→ **Information provided**:

────────────────────────────────────────

(* Let $\varphi$ be an instance of 2-Clause 3-SAT and let $G(\varphi)$ be the graph constructed from $\varphi$ as described in the context. If $\varphi$ is satisfiable, then $\mathrm{wcol}_2(G(\varphi)) \leq 5$.
   Context: 2-Clause 3-SAT: given a CNF formula $\varphi$ with clauses $c_1,\dots,c_m$ over variables $x_1,\dots,x_n$ in which each clause contains at most 3 literals and each literal ($x_j$ or $\overline{x}_j$) appears in exactly 2 clauses, decide whether $\varphi$ is satisfiable. It is assumed throughout that no variable appears twice in a single clause and that there are no clauses with a single literal (so each clause has 2 or 3 literals). Construction of $G(\varphi)$: for each clause $c_i$ create 6 vertices $u_i^1,\dots,u_i^6$. If $c_i$ contains only 2 literals, add 2 more vertices $f_i, f'_i$, each adjacent to all of $u_i^1,\dots,u_i^6$. For each variable $x_j$ create two vertices $v_j$ and $v'_j$ (for the literals $x_j$ and $\overline{x}_j$) joined by an edge. For each clause $c_i$ containing the literal $x_j$, add an edge from $v_j$ to each of $u_i^1,\dots,u_i^6$; for each clause $c_i$ containing $\overline{x}_j$, add an edge from $v'_j$ to each of $u_i^1,\dots,u_i^6$. Weak coloring numbers: for a graph $G=(V,E)$ and a total order $\sigma$ of $V$, a vertex $v\neq u$ is weakly $r$-reachable from $u$ if $u <_\sigma v$ and there is a $u$–$v$ path $P$ of length at most $r$ such that every vertex $p$ of $P$ other than $u,v$ satisfies $p <_\sigma v$. Let $\mathrm{wreach}_r(u,G_\sigma)$ be the set of such $v$. Then $\mathrm{wcol}_r(G)=\min_\sigma \max_{u\in V}|\mathrm{wreach}_r(u,G_\sigma)|$, the minimum over all total orders of $V$. (A vertex is not considered reachable from itself.) *)

From mathcomp Require Import all_boot.
From mathcomp Require Import boolp.
Set Implicit Arguments. Unset Strict Implicit. Unset Printing Implicit Defensive.

(* A literal over variables x_0..x_{n-1}: (j, true) is x_j, (j, false) is ~x_j.
   A formula with m clauses is a map cl : 'I_m -> {set literal}. *)
Definition literal (n : nat) := ('I_n * bool)%type.

Definition is_2c3sat (n m : nat) (cl : 'I_m -> {set literal n}) : Prop :=
  (forall i, #|cl i| = 2 \/ #|cl i| = 3) /\
  (forall i (j : 'I_n), ~ ((j, true) \in cl i /\ (j, false) \in cl i)) /\
  (forall l : literal n, #|[set i | l \in cl i]| = 2).

Definition satisfiable (n m : nat) (cl : 'I_m -> {set literal n}) : Prop :=
  exists a : 'I_n -> bool, forall i, exists2 l, l \in cl i & a l.1 = l.2.

(* raw vertices:  inl (inl (i,k)) = u_i^{k+1} (k < 6),
                  inl (inr (i,b)) = f_i (b=true) / f'_i (b=false),
                  inr (j,b)       = v_j (b=true) / v'_j (b=false). *)
Definition rawV (n m : nat) :=
  ((('I_m * 'I_6) + ('I_m * bool)) + ('I_n * bool))%type.

Definition presentV (n m : nat) (cl : 'I_m -> {set literal n}) (x : rawV n m) : bool :=
  match x with
  | inl (inr (i, _)) => #|cl i| == 2
  | _ => true
  end.

Definition GV (n m : nat) (cl : 'I_m -> {set literal n}) :=
  {x : rawV n m | presentV cl x}.

Definition rawadj (n m : nat) (cl : 'I_m -> {set literal n}) (x y : rawV n m) : bool :=
  match x, y with
  | inl (inl (i, _)), inl (inr (i', _)) => i == i'
  | inl (inr (i, _)), inl (inl (i', _)) => i == i'
  | inr (j, b), inr (j', b') => (j == j') && (b != b')
  | inr l, inl (inl (i, _)) => l \in cl i
  | inl (inl (i, _)), inr l => l \in cl i
  | _, _ => false
  end.

Definition Gadj (n m : nat) (cl : 'I_m -> {set literal n}) : rel (GV cl) :=
  fun x y => rawadj cl (val x) (val y).

(* A total order sigma of V is given by an injective rank function
   f : V -> 'I_#|V|  (u <_sigma v  iff  f u < f v). *)
(* v is weakly r-reachable from u: u <_sigma v and there is a u-v path
   u = p_0, p_1, ..., p_k = v (distinct vertices, consecutive adjacent)
   of length k <= r whose inner vertices are all <_sigma v. *)
Definition wreachable (V : finType) (e : rel V) (f : V -> nat) (r : nat)
    (u v : V) : Prop :=
  f u < f v /\
  exists s : seq V,
    [/\ path e u s, last u s = v, uniq (u :: s), size s <= r &
        all (fun p => f p < f v) (take (size s).-1 s)].

Definition wreach (V : finType) (e : rel V) (f : V -> nat) (r : nat) (u : V)
  : {set V} := [set v | `[< wreachable e f r u v >]].

Definition wcol (V : finType) (e : rel V) (r : nat) : nat :=
  \big[minn/#|V|]_(f : {ffun V -> 'I_#|V|} | injectiveb f)
     \max_(u : V) #|wreach e (fun x => nat_of_ord (f x)) r u|.

(* Order the vertices by level: first the clause vertices u_i^k, then the
   f_i, f'_i, then the vertices of the literals that are false under a
   satisfying assignment, and last those of the true literals.  A vertex weakly
   2-reachable from x then lies in a set of at most 5 vertices:
   - from u_i^k: the literals of c_i, the f_i, f'_i if present, and the
     complements of the false literals of c_i (a path u_i^k, l, ~l needs l
     below ~l, i.e. l false); c_i is satisfied, so this is 3 + 0 + 2 or
     2 + 2 + 1;
   - from f_i: the two literals of c_i and f_i, f'_i;
   - from a literal l: its complement and the at most two other literals of
     each of the two clauses containing l. *)

From mathcomp Require Import all_boot.
From mathcomp Require Import boolp.
Set Implicit Arguments. Unset Strict Implicit. Unset Printing Implicit Defensive.

Lemma geq_bigminn_cond (I : finType) (P : pred I) (F : I -> nat) x0 i0 :
  P i0 -> \big[minn/x0]_(i | P i) F i <= F i0.
Proof.
move=> Pi0; have : i0 \in index_enum I by exact: mem_index_enum.
elim: (index_enum I) => [//|j r IHr]; rewrite inE big_cons.
case/orP=> [/eqP <-|/IHr le_r]; first by rewrite Pi0 geq_minl.
by case: (P j) => //; apply: leq_trans (geq_minr _ _) le_r.
Qed.

Section WeakColoring.

Variables (V : finType) (e : rel V).

Definition rank_of (k : V -> nat) (x : V) : nat := #|[set y | k y < k x]|.

Lemma rank_of_lt k x : rank_of k x < #|V|.
Proof.
apply: proper_card; apply/properP; split; first exact: subset_predT.
by exists x; rewrite ?inE ?ltnn.
Qed.

Lemma ltn_rank_of k x y : (rank_of k x < rank_of k y) = (k x < k y).
Proof.
apply/idP/idP => [|lt_xy].
  rewrite !ltnNge; apply: contra => le_yx; apply: subset_leq_card.
  by apply/subsetP => z; rewrite !inE => /leq_trans; apply.
apply: proper_card; apply/properP; split; last by exists x; rewrite !inE ?ltnn.
by apply/subsetP => z; rewrite !inE => /ltn_trans; apply.
Qed.

Lemma eq_wreach (f g : V -> nat) r u :
  (forall x y, (f x < f y) = (g x < g y)) -> wreach e f r u = wreach e g r u.
Proof.
move=> fg; apply/setP => v; rewrite !inE /wreachable fg.
by have -> : (fun p => f p < f v) = (fun p => g p < g v) by apply: funext => p; rewrite fg.
Qed.

Lemma wcol_le (k : V -> nat) r b :
  injective k -> (forall u, #|wreach e k r u| <= b) -> wcol e r <= b.
Proof.
move=> k_inj wreach_le.
pose F := [ffun x => Ordinal (rank_of_lt k x)].
have F_inj : injectiveb F.
  apply/injectiveP => x y; rewrite !ffunE => /(congr1 val) /= eq_rk.
  apply: k_inj; apply/eqP.
  by rewrite eqn_leq (leqNgt (k x)) (leqNgt (k y)) -!(ltn_rank_of k) eq_rk ltnn.
apply: leq_trans (geq_bigminn_cond _ _ F_inj) _.
apply/bigmax_leqP => u _; rewrite (@eq_wreach _ k) ?wreach_le // => x y.
by rewrite !ffunE ltn_rank_of.
Qed.

Lemma wreach2P (f : V -> nat) u v : v \in wreach e f 2 u ->
  f u < f v /\ (e u v \/ exists w, [/\ e u w, e w v, v != u & f w < f v]).
Proof.
rewrite inE => /asboolP [lt_uv [s [path_s last_s uniq_s size_s inner_s]]].
split=> //; case: s path_s last_s uniq_s size_s inner_s => [|w [|v' [|? ?]]] //=.
- by move=> _ eq_uv; rewrite eq_uv ltnn in lt_uv.
- by rewrite andbT => uv <-; left.
move=> /and3P [uw wv _] <- /and3P []; rewrite !inE negb_or => /andP [_ uv'] _ _ _.
by rewrite andbT => lt_wv; right; exists w; rewrite eq_sym.
Qed.

Definition lex_rank (c : V -> nat) (x : V) : nat := c x * #|V| + enum_rank x.

Lemma lex_rank_inj c : injective (lex_rank c).
Proof.
move=> x y /(congr1 (modn^~ #|V|)); rewrite /lex_rank !modnMDl !modn_small //.
by move=> /ord_inj /enum_rank_inj.
Qed.

Lemma lex_rank_ltW c x y : lex_rank c x < lex_rank c y -> c x <= c y.
Proof.
move=> lt_xy; rewrite leqNgt; apply/negP => lt_c.
suff : lex_rank c y < lex_rank c x by rewrite ltnNge ltnW.
rewrite /lex_rank (leq_trans _ (leq_addr _ _)) // (leq_trans _ (leq_mul lt_c (leqnn _))) //.
by rewrite mulSn addnC ltn_add2r.
Qed.

Lemma wreach2_lex_rank (c : V -> nat) u v : v \in wreach e (lex_rank c) 2 u ->
  c u <= c v /\ (e u v \/ exists w, [/\ e u w, e w v, v != u & c w <= c v]).
Proof.
case/wreach2P => /lex_rank_ltW le_uv [uv|[w [uw wv vu /lex_rank_ltW le_wv]]].
  by split; [|left].
by split; [|right; exists w].
Qed.

End WeakColoring.

Lemma leq_card_bigcup (I T : finType) (D : {pred I}) (A : I -> {set T}) :
  #|\bigcup_(i in D) A i| <= \sum_(i in D) #|A i|.
Proof.
elim/big_rec2: _ => [|i s U _ le_Us]; first by rewrite cards0.
by rewrite (leq_trans (leq_card_setU _ _).1) ?leq_add2l.
Qed.

Section Graph.

Variables (n m : nat) (cl : 'I_m -> {set literal n}) (a : 'I_n -> bool).

Definition neg_lit (l : literal n) : literal n := (l.1, ~~ l.2).

Definition litV (L : {set literal n}) : {set rawV n m} := [set inr l | l in L].

Definition fpairV (i : 'I_m) : {set rawV n m} := [set inl (inr (i, b)) | b : bool].

Definition clauses_of (l : literal n) : {set 'I_m} := [set i | l \in cl i].

Definition level (x : rawV n m) : nat :=
  match x with
  | inl (inl _) => 0
  | inl (inr _) => 1
  | inr l => if a l.1 == l.2 then 3 else 2
  end.

Definition reach_bound (x : rawV n m) : {set rawV n m} :=
  match x with
  | inl (inl (i, _)) => litV (cl i) :|: (if #|cl i| == 2 then fpairV i else set0)
                        :|: litV [set neg_lit l | l in [set l in cl i | a l.1 != l.2]]
  | inl (inr (i, _)) => litV (cl i) :|: fpairV i
  | inr l => litV (neg_lit l |: \bigcup_(i in clauses_of l) (cl i :\ l))
  end.

Lemma mem_litV l L : (inr l \in litV L) = (l \in L).
Proof. by rewrite mem_imset //; move=> ? ? []. Qed.

Lemma mem_fpairV i b : inl (inr (i, b)) \in fpairV i.
Proof. exact: imset_f. Qed.

Definition reach2_up (x v : rawV n m) : Prop :=
  rawadj cl x v \/
  exists w, [/\ rawadj cl x w, rawadj cl w v, v != x & level w <= level v].

Lemma mem_reach_bound_clause i k v : presentV cl v ->
  reach2_up (inl (inl (i, k))) v -> v \in reach_bound (inl (inl (i, k))).
Proof.
rewrite /reach2_up; case: v => [[[i' k']|[i' b']]|[j' b']] /= v_pres.
- by case=> [//|[w []]]; case: w => [[[? ?]|[? ?]]|l''] //= _ _ _; case: ifP.
- case=> [/eqP ->|[w []]]; last by case: w => [[[? ?]|[? ?]]|[? ?]].
  by rewrite v_pres !inE mem_fpairV orbT.
case=> [l'_in|[w []]]; first by rewrite !inE mem_litV l'_in.
case: w => [[[? ?]|[? ?]]|[j'' b'']] //= l''_in /andP [/eqP <- ne_b] _.
have -> : b' = ~~ b'' by case: (b') (b'') ne_b => [] [].
case: (a j'' =P b'') => [->|false_l'']; first by case: (b'').
move=> _; rewrite !inE !mem_litV; apply/orP; right.
by apply/imsetP; exists (j'', b''); rewrite // !inE l''_in; apply/eqP.
Qed.

Lemma mem_reach_bound_fpair i b v : level (inl (inr (i, b))) <= level v ->
  reach2_up (inl (inr (i, b))) v -> v \in reach_bound (inl (inr (i, b))).
Proof.
rewrite /reach2_up; case: v => [[[i' k']|[i' b']]|[j' b']] //= _.
- case=> [//|[w []]]; case: w => [[[i'' ?]|[? ?]]|[? ?]] //= /eqP <- /eqP <- _ _.
  by rewrite !inE mem_fpairV orbT.
case=> [//|[w []]]; case: w => [[[i'' ?]|[? ?]]|[? ?]] //= /eqP <- l'_in _ _.
by rewrite !inE mem_litV l'_in.
Qed.

Lemma mem_reach_bound_lit l v : level (inr l) <= level v ->
  reach2_up (inr l) v -> v \in reach_bound (inr l).
Proof.
case: l => j b; rewrite /reach2_up; case: v => [[[i' k']|[i' b']]|[j' b']] /=.
- by case: ifP.
- by case: ifP.
move=> _; case=> [/andP [/eqP <- ne_b]|[w []]].
  have -> : b' = ~~ b by case: (b) (b') ne_b => [] [].
  by rewrite mem_litV !inE eqxx.
case: w => [[[i'' ?]|[? ?]]|[j'' b'']] //=.
  move=> l_in l'_in ne_l' _; rewrite mem_litV !inE; apply/orP; right.
  by apply/bigcupP; exists i''; rewrite !inE ?l'_in ?andbT.
move=> /andP [/eqP <- ne_b] /andP [/eqP <- ne_b'].
suff -> : b' = b by rewrite eqxx.
by case: (b) (b') (b'') ne_b ne_b' => [] [] [].
Qed.

Lemma mem_reach_bound x v : presentV cl v -> level x <= level v ->
  reach2_up x v -> v \in reach_bound x.
Proof.
case: x => [[[i k]|[i b]]|l] v_pres le_xv.
- exact: mem_reach_bound_clause.
- exact: mem_reach_bound_fpair.
- exact: mem_reach_bound_lit.
Qed.

Section Card.

Hypotheses (cl_2c3sat : is_2c3sat cl)
  (a_sat : forall i, exists2 l, l \in cl i & a l.1 = l.2).

Lemma card_litV L : #|litV L| = #|L|.
Proof. by rewrite card_imset // => ? ? []. Qed.

Lemma card_fpairV i : #|fpairV i| = 2.
Proof. by rewrite card_imset ?card_bool // => ? ? []. Qed.

Lemma card_clause_le3 i : #|cl i| <= 3.
Proof. by case: cl_2c3sat => /(_ i) [] ->. Qed.

Lemma card_false_lits i : #|[set l in cl i | a l.1 != l.2]| < #|cl i|.
Proof.
have [l l_in l_true] := a_sat i; apply: proper_card; apply/properP; split.
  by apply/subsetP => l'; rewrite inE => /andP [].
by exists l; rewrite // inE l_true eqxx andbF.
Qed.

Lemma card_reach_bound_clause i k : #|reach_bound (inl (inl (i, k)))| <= 5.
Proof.
rewrite /=; set F := [set l in cl i | _].
have card_B : #|if #|cl i| == 2 then fpairV i else set0| = (#|cl i| == 2).*2.
  by case: ifP; rewrite ?card_fpairV ?cards0.
have card_C : #|litV [set neg_lit l | l in F]| < #|cl i|.
  by rewrite card_litV card_imset ?card_false_lits // => [[? ?] [? ?] [-> /negb_inj ->]].
apply: leq_trans (leq_card_setU _ _).1 _.
apply: leq_trans (leq_add (leq_card_setU _ _).1 (leqnn _)) _.
by rewrite card_litV card_B; move: card_C; case: cl_2c3sat => /(_ i) [] ->.
Qed.

Lemma card_reach_bound_fpair i b : presentV cl (inl (inr (i, b))) ->
  #|reach_bound (inl (inr (i, b)))| <= 5.
Proof.
move=> /= /eqP card_cl; apply: leq_trans (leq_card_setU _ _).1 _.
by rewrite card_litV card_fpairV card_cl.
Qed.

Lemma card_reach_bound_lit l : #|reach_bound (inr l)| <= 5.
Proof.
have card_del : forall i, i \in clauses_of l -> #|cl i :\ l| <= 2.
  by move=> i; rewrite inE => l_in; have := card_clause_le3 i; rewrite (cardsD1 l) l_in.
rewrite /= card_litV (leq_trans (leq_card_setU _ _).1) // cards1 add1n ltnS.
apply: leq_trans (@leq_card_bigcup _ _ _ (fun i => cl i :\ l)) _.
apply: (@leq_trans (\sum_(i in clauses_of l) 2)); first exact: leq_sum.
by case: cl_2c3sat => _ [_ card_cl]; rewrite sum_nat_const card_cl.
Qed.

Lemma card_reach_bound x : presentV cl x -> #|reach_bound x| <= 5.
Proof.
case: x => [[[i k]|[i b]]|l] x_pres.
- exact: card_reach_bound_clause.
- exact: card_reach_bound_fpair.
- exact: card_reach_bound_lit.
Qed.

End Card.

End Graph.

Theorem lemma3p2 (n m : nat) (cl : 'I_m -> {set literal n}) :
  is_2c3sat cl -> satisfiable cl -> wcol (@Gadj n m cl) 2 <= 5.
Proof.
move=> cl_2c3sat [a a_sat].
apply: (@wcol_le _ _ (lex_rank (level a \o val))) => [|u]; first exact: lex_rank_inj.
apply: leq_trans (card_reach_bound cl_2c3sat a_sat (valP u)).
rewrite -(card_imset _ val_inj); apply: subset_leq_card.
apply/subsetP => _ /imsetP [v /wreach2_lex_rank [le_uv reach_uv] ->].
apply: mem_reach_bound (valP v) le_uv _.
case: reach_uv => [uv|[w [uw wv vu le_wv]]]; [left | right; exists (val w)] => //.
Qed.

────────────────────────────────────────

→ **Exercise description**: From the data above, output only the lines between the line containing "i) :|: fpairV i" and the line containing "by rewrite mem_litV !inE eqxx.", inclusive, exactly as written.

→ **Output of the task**:
  | inl (inr (i, _)) => litV (cl i) :|: fpairV i
  | inr l => litV (neg_lit l |: \bigcup_(i in clauses_of l) (cl i :\ l))
  end.

Lemma mem_litV l L : (inr l \in litV L) = (l \in L).
Proof. by rewrite mem_imset //; move=> ? ? []. Qed.

Lemma mem_fpairV i b : inl (inr (i, b)) \in fpairV i.
Proof. exact: imset_f. Qed.

Definition reach2_up (x v : rawV n m) : Prop :=
  rawadj cl x v \/
  exists w, [/\ rawadj cl x w, rawadj cl w v, v != x & level w <= level v].

Lemma mem_reach_bound_clause i k v : presentV cl v ->
  reach2_up (inl (inl (i, k))) v -> v \in reach_bound (inl (inl (i, k))).
Proof.
rewrite /reach2_up; case: v => [[[i' k']|[i' b']]|[j' b']] /= v_pres.
- by case=> [//|[w []]]; case: w => [[[? ?]|[? ?]]|l''] //= _ _ _; case: ifP.
- case=> [/eqP ->|[w []]]; last by case: w => [[[? ?]|[? ?]]|[? ?]].
  by rewrite v_pres !inE mem_fpairV orbT.
case=> [l'_in|[w []]]; first by rewrite !inE mem_litV l'_in.
case: w => [[[? ?]|[? ?]]|[j'' b'']] //= l''_in /andP [/eqP <- ne_b] _.
have -> : b' = ~~ b'' by case: (b') (b'') ne_b => [] [].
case: (a j'' =P b'') => [->|false_l'']; first by case: (b'').
move=> _; rewrite !inE !mem_litV; apply/orP; right.
by apply/imsetP; exists (j'', b''); rewrite // !inE l''_in; apply/eqP.
Qed.

Lemma mem_reach_bound_fpair i b v : level (inl (inr (i, b))) <= level v ->
  reach2_up (inl (inr (i, b))) v -> v \in reach_bound (inl (inr (i, b))).
Proof.
rewrite /reach2_up; case: v => [[[i' k']|[i' b']]|[j' b']] //= _.
- case=> [//|[w []]]; case: w => [[[i'' ?]|[? ?]]|[? ?]] //= /eqP <- /eqP <- _ _.
  by rewrite !inE mem_fpairV orbT.
case=> [//|[w []]]; case: w => [[[i'' ?]|[? ?]]|[? ?]] //= /eqP <- l'_in _ _.
by rewrite !inE mem_litV l'_in.
Qed.

Lemma mem_reach_bound_lit l v : level (inr l) <= level v ->
  reach2_up (inr l) v -> v \in reach_bound (inr l).
Proof.
case: l => j b; rewrite /reach2_up; case: v => [[[i' k']|[i' b']]|[j' b']] /=.
- by case: ifP.
- by case: ifP.
move=> _; case=> [/andP [/eqP <- ne_b]|[w []]].
  have -> : b' = ~~ b by case: (b) (b') ne_b => [] [].
  by rewrite mem_litV !inE eqxx.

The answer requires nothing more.